Collected data entries:
====================

(* Let $A\times_{(\alpha,\beta)}B$ and $A'\times_{(\alpha',\beta')}B'$ be knit products of groups and let $f:A\to A'$, $g:B\to B'$, $\varphi:B\to A'$, $\psi:A\to B'$ be maps such that for all $a,a_1,a_2\in A$ and $b,b_1,b_2\in B$: (f) $\varphi(b_1b_2)=\varphi(b_1)\,\alpha'_{g(b_1)}(\varphi(b_2))$ and $\psi(a_1a_2)=\beta'^{f(a_2)}(\psi(a_1))\,\psi(a_2)$; (g) $f(a_1a_2)=f(a_1)\,\alpha'_{\psi(a_1)}(f(a_2))$ and $g(b_1b_2)=\beta'^{\varphi(b_2)}(g(b_1))\,g(b_2)$; (h) $f(\alpha_{b}(a))\,\alpha'_{\psi(\alpha_{b}(a))}\bigl(\varphi(\beta^{a}(b))\bigr)=\varphi(b)\,\alpha'_{g(b)}(f(a))$ and $\beta'^{\varphi(\beta^{a}(b))}\bigl(\psi(\alpha_{b}(a))\bigr)\,g(\beta^{a}(b))=\beta'^{f(a)}(g(b))\,\psi(a)$. Define $\Phi=(\Phi_1,\Phi_2):A\times_{(\alpha,\beta)}B\to A'\times_{(\alpha',\beta')}B'$ by $$\Phi_1(a,b)=f(a)\,\alpha'_{\psi(a)}(\varphi(b)),\qquad \Phi_2(a,b)=\beta'^{\varphi(b)}(\psi(a))\,g(b).$$ Then $\Phi$ is a group homomorphism. Moreover, if $f$ and $g$ are group homomorphisms, condition (g) may be replaced by: $f(a_2)=\alpha'_{\psi(a_1)}(f(a_2))$ and $g(b_1)=\beta'^{\varphi(b_2)}(g(b_1))$ for all $a_1,a_2\in A$, $b_1,b_2\in B$.
   Context: For groups $A$, $B$ (units denoted $e$), an automorphically knitted pair of actions $(\alpha,\beta)$ for $(A,B)$ consists of maps $\alpha:B\times A\to A$ and $\beta:B\times A\to B$, written $\alpha_b(a):=\alpha(b,a)$ and $\beta^a(b):=\beta(b,a)$, such that: (1) each $\alpha_b$ is a bijection of $A$, $\alpha_{b_1}\circ\alpha_{b_2}=\alpha_{b_1b_2}$, $\alpha_e=\mathrm{Id}_A$; (2) each $\beta^a$ is a bijection of $B$, $\beta^{a_1}\circ\beta^{a_2}=\beta^{a_2a_1}$, $\beta^e=\mathrm{Id}_B$; (3) $\alpha_b(a_1a_2)=\alpha_b(a_1)\,\alpha_{\beta^{a_1}(b)}(a_2)$; (4) $\beta^a(b_1b_2)=\beta^{\alpha_{b_2}(a)}(b_1)\,\beta^a(b_2)$. The knit product $A\times_{(\alpha,\beta)}B$ is the group on the set $A\times B$ with multiplication $(a_1,b_1)\cdot(a_2,b_2)=(a_1\alpha_{b_1}(a_2),\ \beta^{a_2}(b_1)b_2)$; likewise $A'\times_{(\alpha',\beta')}B'$ for an automorphically knitted pair $(\alpha',\beta')$ for groups $(A',B')$, with $\alpha'_{b'}(a')=\alpha'(b',a')$, $\beta'^{a'}(b')=\beta'(b',a')$. *)

From HB Require Import structures.
From mathcomp Require Import all_boot.
Set Implicit Arguments. Unset Strict Implicit. Unset Printing Implicit Defensive.
Local Open Scope group_scope.

(* Groups are MathComp [groupType]s (monoid.v), not necessarily finite.
   al b a  stands for  alpha_b(a) = alpha(b,a)  ([al : B -> A -> A]);
   be b a  stands for  beta^a(b)  = beta(b,a)   ([be : B -> A -> B]). *)

Definition knitted_pair (A B : groupType) (al : B -> A -> A) (be : B -> A -> B) : Prop :=
  (forall b, bijective (al b)) /\
      (forall b1 b2 a, al b1 (al b2 a) = al (b1 * b2) a) /\
      (forall a, al 1 a = a) /\
      (forall a, bijective (fun b => be b a)) /\
      (forall a1 a2 b, be (be b a2) a1 = be b (a2 * a1)) /\
      (forall b, be b 1 = b) /\
      (forall b a1 a2, al b (a1 * a2) = al b a1 * al (be b a1) a2)
    /\ (forall a b1 b2, be (b1 * b2) a = be b1 (al b2 a) * be b2 a).

Definition knit_mul (A B : groupType) (al : B -> A -> A) (be : B -> A -> B)
  (x y : A * B) : A * B :=
  (x.1 * al x.2 y.1, be x.2 y.1 * y.2).

Definition knit_Phi (A B A' B' : groupType) (al' : B' -> A' -> A') (be' : B' -> A' -> B')
  (f : A -> A') (g : B -> B') (phi : B -> A') (psi : A -> B') (x : A * B) : A' * B' :=
  (f x.1 * al' (psi x.1) (phi x.2), be' (psi x.1) (phi x.2) * g x.2).

From HB Require Import structures.
From mathcomp Require Import all_boot.
Set Implicit Arguments. Unset Strict Implicit. Unset Printing Implicit Defensive.
Local Open Scope group_scope.

(* Phi(a, b) is the knit product (f a, psi a) * (phi b, g b) in A' x B'.
   Conditions (f) and (g) say that a |-> (f a, psi a) and b |-> (phi b, g b)
   are multiplicative, and (h) is the exchange law
   (phi b, g b) * (f a, psi a) = (f (al b a), psi (al b a)) * (phi (be b a), g (be b a)),
   mirroring (a1, b1) * (a2, b2) = (a1 * al b1 a2, be b1 a2 * b2) in the source.
   Associativity of the target knit product then makes Phi multiplicative. *)

Lemma knit_mulA (A B : groupType) (al : B -> A -> A) (be : B -> A -> B) :
  knitted_pair al be -> associative (knit_mul al be).
Proof.
move=> [_ [alM [_ [_ [beM [_ [al_mul be_mul]]]]]]] [x1 x2] [y1 y2] [z1 z2].
rewrite /knit_mul /=; congr pair.
  by rewrite al_mul alM mulgA.
by rewrite be_mul beM mulgA.
Qed.

Section KnitProductMorphism.

Variables (A B : groupType) (al : B -> A -> A) (be : B -> A -> B).
Variables (M : Type) (op : M -> M -> M) (F : A -> M) (G : B -> M).
Hypothesis opA : associative op.
Hypothesis FM : {morph F : a1 a2 / a1 * a2 >-> op a1 a2}.
Hypothesis GM : {morph G : b1 b2 / b1 * b2 >-> op b1 b2}.
Hypothesis GF_exchange : forall a b, op (G b) (F a) = op (F (al b a)) (G (be b a)).

Lemma knit_mul_morph :
  {morph (fun x : A * B => op (F x.1) (G x.2)) : x y /
     knit_mul al be x y >-> op x y}.
Proof.
move=> [a1 b1] [a2 b2]; rewrite /knit_mul /= FM GM.
by rewrite opA -(opA (F a1)) -GF_exchange !opA.
Qed.

End KnitProductMorphism.

Theorem theorem2p5 (A B A' B' : groupType)
  (al : B -> A -> A) (be : B -> A -> B)
  (al' : B' -> A' -> A') (be' : B' -> A' -> B')
  (f : A -> A') (g : B -> B') (phi : B -> A') (psi : A -> B') :
  knitted_pair al be -> knitted_pair al' be' ->
  (* condition (f) *)
  (forall b1 b2, phi (b1 * b2) = phi b1 * al' (g b1) (phi b2)) ->
  (forall a1 a2, psi (a1 * a2) = be' (psi a1) (f a2) * psi a2) ->
  (* condition (h) *)
  (forall a b, f (al b a) * al' (psi (al b a)) (phi (be b a))
               = phi b * al' (g b) (f a)) ->
  (forall a b, be' (psi (al b a)) (phi (be b a)) * g (be b a)
               = be' (g b) (f a) * psi a) ->
  (* first claim: under (g), Phi is a group homomorphism *)
  ((forall a1 a2, f (a1 * a2) = f a1 * al' (psi a1) (f a2)) ->
   (forall b1 b2, g (b1 * b2) = be' (g b1) (phi b2) * g b2) ->
   forall x y, knit_Phi al' be' f g phi psi (knit_mul al be x y)
               = knit_mul al' be' (knit_Phi al' be' f g phi psi x)
                                  (knit_Phi al' be' f g phi psi y))
  /\
  (* second claim: if f, g are homomorphisms, (g) may be replaced by (g') *)
  ({morph f : a1 a2 / a1 * a2} -> {morph g : b1 b2 / b1 * b2} ->
   (forall a1 a2, f a2 = al' (psi a1) (f a2)) ->
   (forall b1 b2, g b1 = be' (g b1) (phi b2)) ->
   forall x y, knit_Phi al' be' f g phi psi (knit_mul al be x y)
               = knit_mul al' be' (knit_Phi al' be' f g phi psi x)
                                  (knit_Phi al' be' f g phi psi y)).
Proof.
move=> _ knit' phiM psiM hA hB.
have PhiM : (forall a1 a2, f (a1 * a2) = f a1 * al' (psi a1) (f a2)) ->
    (forall b1 b2, g (b1 * b2) = be' (g b1) (phi b2) * g b2) ->
    {morph knit_Phi al' be' f g phi psi : x y /
       knit_mul al be x y >-> knit_mul al' be' x y}.
  move=> fM gM.
  apply: (knit_mul_morph (F := fun a => (f a, psi a)) (G := fun b => (phi b, g b))
            (knit_mulA knit')).
  - by move=> a1 a2; rewrite /knit_mul /= fM psiM.
  - by move=> b1 b2; rewrite /knit_mul /= phiM gM.
  - by move=> a b; rewrite /knit_mul /= hA hB.
split; first exact: PhiM.
move=> fM gM f_fix g_fix; apply: PhiM.
- by move=> a1 a2; rewrite fM -f_fix.
- by move=> b1 b2; rewrite gM -g_fix.
Qed.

====================

• [Exercise directions]: Whichever lines of the records above hold the word "first" should all be copied out.

• [Answer to this exercise]:
  (* first claim: under (g), Phi is a group homomorphism *)
split; first exact: PhiM.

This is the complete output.